Daily Prompt: Sad But True | What Matters

Daily Prompt: Sad But True > Tell us about the harshest, most difficult to hear — but accurate — criticism you’ve ever gotten. Does it still apply?

All my life I have been surrounded with happy and positive people. I haven’t had any harsh comments or criticisms from my family and friends. Not until three years ago…

Someone called me ‘ugly’. Someone I don’t really know in person; a friend of a friend. I’m not really sure and I don’t want to get into details. When I saw her comment in this social networking site, I grasped myself and looked for a reaction somewhere in me. There has to be a reaction. I’m human. I’m capable of feeling. And I know that somewhere in my deepest cells that I was hurt. I find it mean and cruel because I thought she has no right to judge me when she does not know me to begin with. I find it unfair because I felt like I was in the middle of a trial and the judge has given me verdict just by looking at me, without letting me utter a single word at all. Somewhere in me was so angry and frustrated. Well, I guess that’s normal, right? But what’s weird is that I only entertained these feelings for like minutes. That’s because I’m not as weak as that person thought I am.

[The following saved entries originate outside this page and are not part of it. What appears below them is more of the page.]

(* For $e\in\{0,1\}$ let $d_e,d'_e$ be metrics on $\omega$ and let $g_e:\langle\omega,d_e\rangle\to\langle\omega,d'_e\rangle$ be Cauchy-continuous. The following are equivalent: (1) there is a continuous function $f:\langle X,d_X\rangle\to\langle Y,d_Y\rangle$ between Polish metric spaces which is coded by both $(g_0,d_0,d'_0)$ and $(g_1,d_1,d'_1)$; (2) $(g_0,d_0,d'_0)\approx_{\mathrm{cdi}}(g_1,d_1,d'_1)$.
   Context: A dense isometry is a distance-preserving map (not necessarily onto) with dense image. A function between metric spaces is Cauchy-continuous if it maps Cauchy sequences to Cauchy sequences. Let $\mathcal{C}(\omega)$ be the set of triples $(g,d,d')$ where $d,d'$ are metrics on $\omega$ and $g:\langle\omega,d\rangle\to\langle\omega,d'\rangle$ is Cauchy-continuous. For a continuous $f:\langle X,d_X\rangle\to\langle Y,d_Y\rangle$ between infinite Polish metric spaces and $(g,d,d')\in\mathcal{C}(\omega)$, $(g,d,d')$ codes $f$ if there are dense isometries $\iota:\langle\omega,d\rangle\to\langle X,d_X\rangle$ and $\iota':\langle\omega,d'\rangle\to\langle Y,d_Y\rangle$ with $\iota'\circ g=f\circ\iota$. On $\mathcal{C}(\omega)$: $(g_0,d_0,d'_0)\preceq_{\mathrm{cdi}}(g_1,d_1,d'_1)$ iff there are dense isometries $\iota:\langle\omega,d_0\rangle\to\langle\omega,d_1\rangle$ and $\iota':\langle\omega,d'_0\rangle\to\langle\omega,d'_1\rangle$ with $\iota'\circ g_0=g_1\circ\iota$; and $(g_0,d_0,d'_0)\approx_{\mathrm{cdi}}(g_1,d_1,d'_1)$ iff there is $(g,d,d')\in\mathcal{C}(\omega)$ with $(g_e,d_e,d'_e)\preceq_{\mathrm{cdi}}(g,d,d')$ for each $e\in\{0,1\}$. *)

From Stdlib Require Import Reals.
Open Scope R_scope.

Definition is_metric {X : Type} (d : X -> X -> R) : Prop :=
  (forall x y, 0 <= d x y) /\
  (forall x y, d x y = 0 <-> x = y) /\
  (forall x y, d x y = d y x) /\
  (forall x y z, d x z <= d x y + d y z).

Definition cauchy_seq {X : Type} (d : X -> X -> R) (u : nat -> X) : Prop :=
  forall eps, 0 < eps -> exists N : nat, forall m n : nat,
    (N <= m)%nat -> (N <= n)%nat -> d (u m) (u n) < eps.

Definition converges_to {X : Type} (d : X -> X -> R) (u : nat -> X) (x : X) : Prop :=
  forall eps, 0 < eps -> exists N : nat, forall n : nat, (N <= n)%nat -> d (u n) x < eps.

Definition cauchy_continuous {X Y : Type} (dX : X -> X -> R) (dY : Y -> Y -> R)
  (f : X -> Y) : Prop :=
  forall u : nat -> X, cauchy_seq dX u -> cauchy_seq dY (fun n => f (u n)).

Definition metric_continuous {X Y : Type} (dX : X -> X -> R) (dY : Y -> Y -> R)
  (f : X -> Y) : Prop :=
  forall x eps, 0 < eps -> exists delta, 0 < delta /\
    forall y, dX x y < delta -> dY (f x) (f y) < eps.

Definition complete_metric {X : Type} (d : X -> X -> R) : Prop :=
  forall u : nat -> X, cauchy_seq d u -> exists x, converges_to d u x.

Definition dense_image {A X : Type} (d : X -> X -> R) (h : A -> X) : Prop :=
  forall x eps, 0 < eps -> exists a : A, d x (h a) < eps.

Definition separable_metric {X : Type} (d : X -> X -> R) : Prop :=
  exists s : nat -> X, dense_image d s.

Definition polish_metric_space (X : Type) (d : X -> X -> R) : Prop :=
  is_metric d /\ complete_metric d /\ separable_metric d.

Definition infinite_type (X : Type) : Prop :=
  exists h : nat -> X, forall m n, h m = h n -> m = n.

Definition isometry {A B : Type} (dA : A -> A -> R) (dB : B -> B -> R) (i : A -> B) : Prop :=
  forall a b, dB (i a) (i b) = dA a b.

Definition dense_isometry {A B : Type} (dA : A -> A -> R) (dB : B -> B -> R) (i : A -> B) : Prop :=
  isometry dA dB i /\ dense_image dB i.

Definition in_C (g : nat -> nat) (d d' : nat -> nat -> R) : Prop :=
  is_metric d /\ is_metric d' /\ cauchy_continuous d d' g.

Definition codes (g : nat -> nat) (d d' : nat -> nat -> R)
  {X Y : Type} (dX : X -> X -> R) (dY : Y -> Y -> R) (f : X -> Y) : Prop :=
  exists (iota : nat -> X) (iota' : nat -> Y),
    dense_isometry d dX iota /\ dense_isometry d' dY iota' /\
    forall n, iota' (g n) = f (iota n).

Definition preceq_cdi (g0 : nat -> nat) (d0 d0' : nat -> nat -> R)
  (g1 : nat -> nat) (d1 d1' : nat -> nat -> R) : Prop :=
  exists (iota iota' : nat -> nat),
    dense_isometry d0 d1 iota /\ dense_isometry d0' d1' iota' /\
    forall n, iota' (g0 n) = g1 (iota n).

Definition approx_cdi (g0 : nat -> nat) (d0 d0' : nat -> nat -> R)
  (g1 : nat -> nat) (d1 d1' : nat -> nat -> R) : Prop :=
  exists (g : nat -> nat) (d d' : nat -> nat -> R),
    in_C g d d' /\ preceq_cdi g0 d0 d0' g d d' /\ preceq_cdi g1 d1 d1' g d d'.

From Stdlib Require Import Reals Lra Lia List FinFun
  ClassicalEpsilon FunctionalExtensionality PropExtensionality ProofIrrelevance.
Open Scope R_scope.

(* (2) => (1): the completions of <omega,d> and <omega,d'> are Polish, a Cauchy-continuous g
   extends continuously to them, and composing the dense isometries that witness the two
   instances of <=_cdi with the embeddings of omega shows that both triples code this extension.
   (1) => (2): list without repetition a countable subset of X containing the images of both
   codings, and a countable subset of Y containing the images of both codings and the image of
   the first list under f.  Pulling d_X and d_Y back along these lists gives metrics on omega in
   which f becomes a map g on omega, Cauchy-continuous because X is complete and f continuous. *)

Lemma inv_INR_S_small (eps : R) :
  0 < eps -> exists N, forall n, (N <= n)%nat -> / INR (S n) < eps.
Proof.
  intros Heps. destruct (archimed_cor1 eps Heps) as [N [HN HN0]].
  exists N. intros n Hn. eapply Rle_lt_trans; [|exact HN].
  apply Rinv_le_contravar; [apply lt_0_INR; lia | apply le_INR; lia].
Qed.

Lemma inv_INR_S_pos (n : nat) : 0 < / INR (S n).
Proof. apply Rinv_0_lt_compat, lt_0_INR; lia. Qed.

Lemma Un_cv_const (c : R) : Un_cv (fun _ => c) c.
Proof.
  intros eps Heps. exists 0%nat. intros. unfold Rdist.
  rewrite Rminus_diag, Rabs_R0. exact Heps.
Qed.

Lemma Un_cv_le_eventually (a : nat -> R) (l c : R) :
  Un_cv a l -> (exists N, forall n, (N <= n)%nat -> a n <= c) -> l <= c.
Proof.
  intros Hcv [N HN]. destruct (Rle_or_lt l c) as [Hle | Hlt]; [exact Hle |].
  destruct (Hcv (l - c)) as [M HM]; [lra |].
  specialize (HM (max N M) (Nat.le_max_r _ _)).
  specialize (HN (max N M) (Nat.le_max_l _ _)).
  unfold Rdist in HM. apply Rabs_def2 in HM. lra.
Qed.

Definition interleave {X : Type} (u v : nat -> X) (n : nat) : X :=
  if Nat.even n then u (Nat.div2 n) else v (Nat.div2 n).

Lemma interleave_even {X : Type} (u v : nat -> X) (n : nat) :
  interleave u v (2 * n) = u n.
Proof. unfold interleave. rewrite Nat.even_even, Nat.div2_double. reflexivity. Qed.

Lemma interleave_odd {X : Type} (u v : nat -> X) (n : nat) :
  interleave u v (2 * n + 1) = v n.
Proof. unfold interleave. rewrite Nat.even_odd, Nat.div2_odd'. reflexivity. Qed.

Lemma interleave_map {X Y : Type} (f : X -> Y) (u v : nat -> X) (n : nat) :
  f (interleave u v n) = interleave (fun k => f (u k)) (fun k => f (v k)) n.
Proof. unfold interleave. destruct (Nat.even n); reflexivity. Qed.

For years now, I have come to understand that the society’s  viewpoint of what’s beautiful has drastically changed.  The society would see and eventually judge you by where you live, the clothes you wear, the people you’re with, the hobbies you do, the school you go to, the company you work for, the beliefs you choose to, the principles that you fight for, etc. But most of the time, the society looks at you from head to toe and instantly, out of nowhere, just like magic, it can give you a judgment. Crazy but it’s true. This has been part of the evolution. As the world continues to rotate, the society has been constantly, without an inch of doubt, judging each and every person, the living and even the dead. And obviously, I’m not exempted to this whole idea of ‘being-judged-thing’.

I know I’m beautiful. My view to what’s beautiful may not be the same as to what the society has but I don’t really care. The society can say whatever, they can think whatever. Yes, in a way it matters, but it really should not matter. You know what I mean? Life is too darn short to linger on negativity so I don’t let it caught me. Growing up, I have learned that I am unique in my own little way. I have come to embrace my traits, values, skills, strengths and weaknesses. I have acknowledged the fact that I’m not perfect, still a work in progress, but I like every part of me. I, sometimes, fight against myself but I always end up learning new things about me. I value myself. I respect myself. Sometimes I mentally poke myself. I am spontaneous and I’d die for adventures. I am loved. These things make me beautiful. These things can defeat any physical perfection. But then again, I can’t change the society’s perception of what’s beautiful. I don’t have plans to. What matters is how I look at myself. I’ll just continue doing the things I do. I’ll just continue being me; happy, contented, grateful and helping the world in the best possible way I can.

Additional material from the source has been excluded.